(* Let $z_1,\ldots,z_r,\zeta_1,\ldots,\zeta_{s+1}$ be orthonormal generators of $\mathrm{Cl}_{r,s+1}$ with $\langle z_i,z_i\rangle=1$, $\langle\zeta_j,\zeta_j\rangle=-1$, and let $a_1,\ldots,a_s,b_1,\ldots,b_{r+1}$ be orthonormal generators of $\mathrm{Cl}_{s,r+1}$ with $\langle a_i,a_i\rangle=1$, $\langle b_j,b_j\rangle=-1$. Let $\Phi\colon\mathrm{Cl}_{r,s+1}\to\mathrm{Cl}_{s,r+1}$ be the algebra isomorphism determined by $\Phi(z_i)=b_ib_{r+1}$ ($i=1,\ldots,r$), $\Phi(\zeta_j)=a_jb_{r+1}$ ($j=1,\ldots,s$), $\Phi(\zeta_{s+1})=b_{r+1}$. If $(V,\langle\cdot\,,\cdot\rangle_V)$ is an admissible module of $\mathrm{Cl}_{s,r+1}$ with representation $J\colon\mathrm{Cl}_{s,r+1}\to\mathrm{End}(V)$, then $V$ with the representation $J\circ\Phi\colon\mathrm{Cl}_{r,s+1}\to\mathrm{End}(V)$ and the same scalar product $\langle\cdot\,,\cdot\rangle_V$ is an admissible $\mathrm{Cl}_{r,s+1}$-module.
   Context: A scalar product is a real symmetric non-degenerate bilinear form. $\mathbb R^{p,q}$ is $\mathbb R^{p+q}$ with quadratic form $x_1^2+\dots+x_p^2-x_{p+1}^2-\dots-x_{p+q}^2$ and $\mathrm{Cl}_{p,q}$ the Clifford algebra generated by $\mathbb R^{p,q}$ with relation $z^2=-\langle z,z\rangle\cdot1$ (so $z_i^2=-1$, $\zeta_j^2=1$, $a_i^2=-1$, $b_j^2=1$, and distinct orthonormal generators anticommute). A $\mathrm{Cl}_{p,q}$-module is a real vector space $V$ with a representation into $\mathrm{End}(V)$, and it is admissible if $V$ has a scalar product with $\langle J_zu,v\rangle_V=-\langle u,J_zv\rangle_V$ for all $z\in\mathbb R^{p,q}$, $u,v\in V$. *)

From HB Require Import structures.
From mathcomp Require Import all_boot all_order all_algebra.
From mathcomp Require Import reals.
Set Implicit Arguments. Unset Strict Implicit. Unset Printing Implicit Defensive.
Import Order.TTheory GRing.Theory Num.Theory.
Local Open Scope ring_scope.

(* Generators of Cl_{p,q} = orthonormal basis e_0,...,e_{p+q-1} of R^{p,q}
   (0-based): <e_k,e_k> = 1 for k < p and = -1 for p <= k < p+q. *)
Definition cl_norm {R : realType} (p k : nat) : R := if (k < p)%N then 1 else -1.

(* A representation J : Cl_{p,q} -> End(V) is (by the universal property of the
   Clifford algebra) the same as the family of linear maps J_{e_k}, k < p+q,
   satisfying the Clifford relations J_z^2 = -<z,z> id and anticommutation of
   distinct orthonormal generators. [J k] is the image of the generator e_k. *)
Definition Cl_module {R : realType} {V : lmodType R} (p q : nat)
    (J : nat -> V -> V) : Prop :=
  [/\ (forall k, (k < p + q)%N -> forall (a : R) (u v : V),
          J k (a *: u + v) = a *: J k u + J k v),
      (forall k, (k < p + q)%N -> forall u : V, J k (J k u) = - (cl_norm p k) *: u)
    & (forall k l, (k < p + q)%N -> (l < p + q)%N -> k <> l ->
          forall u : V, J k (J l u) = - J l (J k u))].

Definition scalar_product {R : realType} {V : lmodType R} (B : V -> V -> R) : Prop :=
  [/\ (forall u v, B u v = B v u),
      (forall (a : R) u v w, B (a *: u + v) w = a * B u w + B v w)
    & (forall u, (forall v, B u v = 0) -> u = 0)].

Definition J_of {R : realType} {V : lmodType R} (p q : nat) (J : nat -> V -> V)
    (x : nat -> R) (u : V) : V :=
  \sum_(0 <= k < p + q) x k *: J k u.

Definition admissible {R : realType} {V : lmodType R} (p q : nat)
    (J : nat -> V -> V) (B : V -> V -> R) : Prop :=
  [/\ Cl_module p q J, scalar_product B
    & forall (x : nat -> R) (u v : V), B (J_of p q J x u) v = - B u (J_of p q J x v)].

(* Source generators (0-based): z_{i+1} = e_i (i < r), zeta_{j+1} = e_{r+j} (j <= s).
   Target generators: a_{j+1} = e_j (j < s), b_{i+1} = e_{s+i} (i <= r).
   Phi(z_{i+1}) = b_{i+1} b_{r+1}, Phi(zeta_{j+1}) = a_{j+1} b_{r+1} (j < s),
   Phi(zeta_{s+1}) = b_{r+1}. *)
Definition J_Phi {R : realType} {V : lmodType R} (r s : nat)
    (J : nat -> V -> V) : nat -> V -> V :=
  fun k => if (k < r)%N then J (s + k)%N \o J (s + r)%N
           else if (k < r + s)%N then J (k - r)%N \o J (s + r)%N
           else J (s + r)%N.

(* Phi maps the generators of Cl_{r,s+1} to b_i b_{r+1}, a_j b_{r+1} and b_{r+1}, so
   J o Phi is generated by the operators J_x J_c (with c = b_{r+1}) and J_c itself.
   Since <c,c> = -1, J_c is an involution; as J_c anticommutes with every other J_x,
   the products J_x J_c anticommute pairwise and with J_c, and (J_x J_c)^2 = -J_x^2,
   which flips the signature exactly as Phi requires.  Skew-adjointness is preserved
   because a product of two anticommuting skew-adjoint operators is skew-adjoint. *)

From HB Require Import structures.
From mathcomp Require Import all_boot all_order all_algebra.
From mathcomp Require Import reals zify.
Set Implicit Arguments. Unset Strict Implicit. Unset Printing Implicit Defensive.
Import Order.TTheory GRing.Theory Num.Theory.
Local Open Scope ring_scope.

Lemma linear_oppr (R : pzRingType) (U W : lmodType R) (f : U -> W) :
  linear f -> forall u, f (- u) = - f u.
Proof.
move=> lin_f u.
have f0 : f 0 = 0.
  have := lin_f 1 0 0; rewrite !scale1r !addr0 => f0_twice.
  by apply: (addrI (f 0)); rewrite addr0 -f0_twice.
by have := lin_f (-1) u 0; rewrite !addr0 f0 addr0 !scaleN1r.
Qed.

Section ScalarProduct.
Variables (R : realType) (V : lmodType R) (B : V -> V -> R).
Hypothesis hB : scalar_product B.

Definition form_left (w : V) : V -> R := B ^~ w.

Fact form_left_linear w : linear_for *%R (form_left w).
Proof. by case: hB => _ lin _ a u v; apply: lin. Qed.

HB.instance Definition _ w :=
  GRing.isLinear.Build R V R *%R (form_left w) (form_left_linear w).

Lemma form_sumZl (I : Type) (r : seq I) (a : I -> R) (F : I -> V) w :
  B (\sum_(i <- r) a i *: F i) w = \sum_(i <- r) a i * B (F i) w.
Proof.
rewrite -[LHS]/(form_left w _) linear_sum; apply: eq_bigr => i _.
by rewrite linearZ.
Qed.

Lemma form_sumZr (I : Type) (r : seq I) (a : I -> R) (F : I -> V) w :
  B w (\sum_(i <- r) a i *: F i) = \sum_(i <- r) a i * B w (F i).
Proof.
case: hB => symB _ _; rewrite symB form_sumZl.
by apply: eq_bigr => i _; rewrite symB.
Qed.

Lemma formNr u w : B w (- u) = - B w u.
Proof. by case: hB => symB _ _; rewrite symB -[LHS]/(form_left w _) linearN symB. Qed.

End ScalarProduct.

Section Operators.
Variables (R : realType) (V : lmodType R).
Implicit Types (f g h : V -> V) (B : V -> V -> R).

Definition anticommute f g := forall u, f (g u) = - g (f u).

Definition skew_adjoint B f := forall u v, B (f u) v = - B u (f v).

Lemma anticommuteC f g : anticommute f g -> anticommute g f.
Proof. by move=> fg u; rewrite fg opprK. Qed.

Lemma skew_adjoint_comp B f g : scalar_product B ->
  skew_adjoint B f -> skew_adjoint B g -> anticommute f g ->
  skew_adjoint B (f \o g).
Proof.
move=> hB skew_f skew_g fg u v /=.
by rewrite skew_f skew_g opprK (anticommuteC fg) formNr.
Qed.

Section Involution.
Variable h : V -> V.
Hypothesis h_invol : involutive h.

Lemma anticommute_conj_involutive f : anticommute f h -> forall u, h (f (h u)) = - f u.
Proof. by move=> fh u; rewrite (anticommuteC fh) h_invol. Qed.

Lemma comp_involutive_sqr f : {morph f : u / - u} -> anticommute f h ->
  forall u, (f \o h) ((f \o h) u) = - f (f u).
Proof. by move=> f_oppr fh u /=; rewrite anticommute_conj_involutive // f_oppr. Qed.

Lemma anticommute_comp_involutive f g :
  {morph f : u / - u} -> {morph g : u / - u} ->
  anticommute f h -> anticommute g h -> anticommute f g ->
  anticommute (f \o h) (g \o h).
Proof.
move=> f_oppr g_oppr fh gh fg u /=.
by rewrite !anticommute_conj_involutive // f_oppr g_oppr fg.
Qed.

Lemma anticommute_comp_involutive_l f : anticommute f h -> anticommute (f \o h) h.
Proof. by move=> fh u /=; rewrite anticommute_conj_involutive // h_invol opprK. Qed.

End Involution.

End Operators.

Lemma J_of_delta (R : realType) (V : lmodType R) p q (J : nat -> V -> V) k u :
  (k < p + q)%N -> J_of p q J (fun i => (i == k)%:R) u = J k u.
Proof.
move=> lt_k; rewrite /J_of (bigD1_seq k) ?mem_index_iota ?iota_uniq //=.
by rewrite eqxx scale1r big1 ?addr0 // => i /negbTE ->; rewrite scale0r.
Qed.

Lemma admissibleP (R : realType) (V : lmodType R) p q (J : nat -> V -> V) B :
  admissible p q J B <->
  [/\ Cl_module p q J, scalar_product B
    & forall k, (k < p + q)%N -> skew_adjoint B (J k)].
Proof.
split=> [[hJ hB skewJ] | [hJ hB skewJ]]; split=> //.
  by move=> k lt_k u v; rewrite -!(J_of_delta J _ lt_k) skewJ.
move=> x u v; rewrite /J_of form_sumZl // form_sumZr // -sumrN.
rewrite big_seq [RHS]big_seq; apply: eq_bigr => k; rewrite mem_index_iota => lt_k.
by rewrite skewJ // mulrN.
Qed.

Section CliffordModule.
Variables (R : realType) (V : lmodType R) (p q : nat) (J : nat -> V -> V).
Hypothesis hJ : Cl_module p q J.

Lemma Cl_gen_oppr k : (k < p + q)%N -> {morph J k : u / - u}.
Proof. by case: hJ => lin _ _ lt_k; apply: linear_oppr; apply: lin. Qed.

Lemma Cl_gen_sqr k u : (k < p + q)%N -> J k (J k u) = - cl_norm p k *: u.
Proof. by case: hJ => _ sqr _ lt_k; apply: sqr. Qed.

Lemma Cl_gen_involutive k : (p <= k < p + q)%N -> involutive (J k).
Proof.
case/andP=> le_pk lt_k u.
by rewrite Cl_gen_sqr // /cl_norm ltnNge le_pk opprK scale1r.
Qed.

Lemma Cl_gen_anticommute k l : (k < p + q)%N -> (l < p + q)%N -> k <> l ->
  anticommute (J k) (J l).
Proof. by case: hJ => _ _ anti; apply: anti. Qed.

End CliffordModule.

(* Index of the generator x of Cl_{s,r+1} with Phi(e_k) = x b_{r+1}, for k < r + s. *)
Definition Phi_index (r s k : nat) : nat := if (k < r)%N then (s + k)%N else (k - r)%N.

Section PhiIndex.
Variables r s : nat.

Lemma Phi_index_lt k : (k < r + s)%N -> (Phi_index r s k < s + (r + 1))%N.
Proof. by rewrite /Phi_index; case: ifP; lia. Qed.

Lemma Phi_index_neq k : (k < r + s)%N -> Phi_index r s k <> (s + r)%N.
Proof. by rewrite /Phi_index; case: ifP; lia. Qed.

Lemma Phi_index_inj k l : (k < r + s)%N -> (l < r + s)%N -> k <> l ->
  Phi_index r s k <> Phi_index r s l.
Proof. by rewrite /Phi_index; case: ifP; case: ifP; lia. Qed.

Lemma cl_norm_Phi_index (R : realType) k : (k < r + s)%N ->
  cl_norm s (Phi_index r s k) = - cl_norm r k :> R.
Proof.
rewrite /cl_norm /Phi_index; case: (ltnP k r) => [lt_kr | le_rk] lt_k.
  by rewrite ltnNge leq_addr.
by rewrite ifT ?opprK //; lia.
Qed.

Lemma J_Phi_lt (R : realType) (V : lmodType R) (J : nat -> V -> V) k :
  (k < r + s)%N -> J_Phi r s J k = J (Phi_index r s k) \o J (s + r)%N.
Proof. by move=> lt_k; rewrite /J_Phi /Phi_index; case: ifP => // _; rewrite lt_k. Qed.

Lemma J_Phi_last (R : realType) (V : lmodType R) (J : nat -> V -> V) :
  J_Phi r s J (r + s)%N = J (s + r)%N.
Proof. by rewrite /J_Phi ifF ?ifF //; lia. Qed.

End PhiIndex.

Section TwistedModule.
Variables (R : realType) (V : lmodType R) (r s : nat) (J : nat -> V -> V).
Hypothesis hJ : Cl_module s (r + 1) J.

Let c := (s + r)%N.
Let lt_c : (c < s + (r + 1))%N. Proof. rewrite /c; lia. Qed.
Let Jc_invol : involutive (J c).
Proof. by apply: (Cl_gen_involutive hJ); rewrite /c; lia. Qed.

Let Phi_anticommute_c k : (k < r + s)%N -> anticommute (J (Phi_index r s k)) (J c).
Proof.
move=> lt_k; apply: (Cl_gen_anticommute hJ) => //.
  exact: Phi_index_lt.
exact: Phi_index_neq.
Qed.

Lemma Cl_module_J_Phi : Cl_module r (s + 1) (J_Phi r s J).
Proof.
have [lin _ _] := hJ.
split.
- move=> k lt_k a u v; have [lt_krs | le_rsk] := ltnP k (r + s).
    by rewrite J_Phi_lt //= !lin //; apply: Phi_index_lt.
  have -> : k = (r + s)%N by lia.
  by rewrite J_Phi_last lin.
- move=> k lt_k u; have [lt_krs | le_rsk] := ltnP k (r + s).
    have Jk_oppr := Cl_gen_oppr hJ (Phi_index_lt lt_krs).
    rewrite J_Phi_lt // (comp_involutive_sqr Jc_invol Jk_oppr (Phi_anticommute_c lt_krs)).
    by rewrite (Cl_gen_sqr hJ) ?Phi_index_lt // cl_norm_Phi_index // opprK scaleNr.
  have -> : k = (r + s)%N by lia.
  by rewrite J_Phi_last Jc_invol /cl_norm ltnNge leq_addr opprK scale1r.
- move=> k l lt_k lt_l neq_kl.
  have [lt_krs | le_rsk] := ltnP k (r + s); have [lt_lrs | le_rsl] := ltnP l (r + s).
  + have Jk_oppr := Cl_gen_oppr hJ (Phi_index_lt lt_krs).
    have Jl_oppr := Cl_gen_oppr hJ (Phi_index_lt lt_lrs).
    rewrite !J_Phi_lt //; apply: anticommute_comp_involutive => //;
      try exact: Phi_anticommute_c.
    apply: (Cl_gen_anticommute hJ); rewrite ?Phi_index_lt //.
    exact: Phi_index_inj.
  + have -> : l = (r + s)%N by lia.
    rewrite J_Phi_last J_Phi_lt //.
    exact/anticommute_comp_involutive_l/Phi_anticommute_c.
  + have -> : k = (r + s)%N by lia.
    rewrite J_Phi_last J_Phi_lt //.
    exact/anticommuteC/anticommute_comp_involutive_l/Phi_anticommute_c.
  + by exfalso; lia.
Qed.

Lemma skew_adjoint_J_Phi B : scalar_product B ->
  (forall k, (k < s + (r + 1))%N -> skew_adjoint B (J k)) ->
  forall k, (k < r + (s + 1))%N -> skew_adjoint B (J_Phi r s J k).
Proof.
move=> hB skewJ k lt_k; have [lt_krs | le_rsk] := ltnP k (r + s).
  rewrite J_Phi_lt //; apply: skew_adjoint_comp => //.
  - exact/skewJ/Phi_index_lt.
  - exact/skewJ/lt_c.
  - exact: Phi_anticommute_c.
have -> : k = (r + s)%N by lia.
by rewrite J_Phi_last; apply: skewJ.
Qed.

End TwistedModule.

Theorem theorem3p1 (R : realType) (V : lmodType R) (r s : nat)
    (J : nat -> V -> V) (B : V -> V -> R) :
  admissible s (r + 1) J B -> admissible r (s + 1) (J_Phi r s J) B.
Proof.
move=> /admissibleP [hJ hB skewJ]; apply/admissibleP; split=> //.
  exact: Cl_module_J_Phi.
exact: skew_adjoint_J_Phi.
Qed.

________________________

**Task statement:** Reproduce verbatim only the segment of the listing bounded by the line containing "anticommute (f \o h) (g \o h)." and the line containing "Lemma Phi_index_neq k", with both boundary lines included.

**Your solution:**
  anticommute (f \o h) (g \o h).
Proof.
move=> f_oppr g_oppr fh gh fg u /=.
by rewrite !anticommute_conj_involutive // f_oppr g_oppr fg.
Qed.

Lemma anticommute_comp_involutive_l f : anticommute f h -> anticommute (f \o h) h.
Proof. by move=> fh u /=; rewrite anticommute_conj_involutive // h_invol opprK. Qed.

End Involution.

End Operators.

Lemma J_of_delta (R : realType) (V : lmodType R) p q (J : nat -> V -> V) k u :
  (k < p + q)%N -> J_of p q J (fun i => (i == k)%:R) u = J k u.
Proof.
move=> lt_k; rewrite /J_of (bigD1_seq k) ?mem_index_iota ?iota_uniq //=.
by rewrite eqxx scale1r big1 ?addr0 // => i /negbTE ->; rewrite scale0r.
Qed.

Lemma admissibleP (R : realType) (V : lmodType R) p q (J : nat -> V -> V) B :
  admissible p q J B <->
  [/\ Cl_module p q J, scalar_product B
    & forall k, (k < p + q)%N -> skew_adjoint B (J k)].
Proof.
split=> [[hJ hB skewJ] | [hJ hB skewJ]]; split=> //.
  by move=> k lt_k u v; rewrite -!(J_of_delta J _ lt_k) skewJ.
move=> x u v; rewrite /J_of form_sumZl // form_sumZr // -sumrN.
rewrite big_seq [RHS]big_seq; apply: eq_bigr => k; rewrite mem_index_iota => lt_k.
by rewrite skewJ // mulrN.
Qed.

Section CliffordModule.
Variables (R : realType) (V : lmodType R) (p q : nat) (J : nat -> V -> V).
Hypothesis hJ : Cl_module p q J.

Lemma Cl_gen_oppr k : (k < p + q)%N -> {morph J k : u / - u}.
Proof. by case: hJ => lin _ _ lt_k; apply: linear_oppr; apply: lin. Qed.

Lemma Cl_gen_sqr k u : (k < p + q)%N -> J k (J k u) = - cl_norm p k *: u.
Proof. by case: hJ => _ sqr _ lt_k; apply: sqr. Qed.

Lemma Cl_gen_involutive k : (p <= k < p + q)%N -> involutive (J k).
Proof.
case/andP=> le_pk lt_k u.
by rewrite Cl_gen_sqr // /cl_norm ltnNge le_pk opprK scale1r.
Qed.

Lemma Cl_gen_anticommute k l : (k < p + q)%N -> (l < p + q)%N -> k <> l ->
  anticommute (J k) (J l).
Proof. by case: hJ => _ _ anti; apply: anti. Qed.

End CliffordModule.

(* Index of the generator x of Cl_{s,r+1} with Phi(e_k) = x b_{r+1}, for k < r + s. *)
Definition Phi_index (r s k : nat) : nat := if (k < r)%N then (s + k)%N else (k - r)%N.

Section PhiIndex.
Variables r s : nat.

Lemma Phi_index_lt k : (k < r + s)%N -> (Phi_index r s k < s + (r + 1))%N.
Proof. by rewrite /Phi_index; case: ifP; lia. Qed.

Lemma Phi_index_neq k : (k < r + s)%N -> Phi_index r s k <> (s + r)%N.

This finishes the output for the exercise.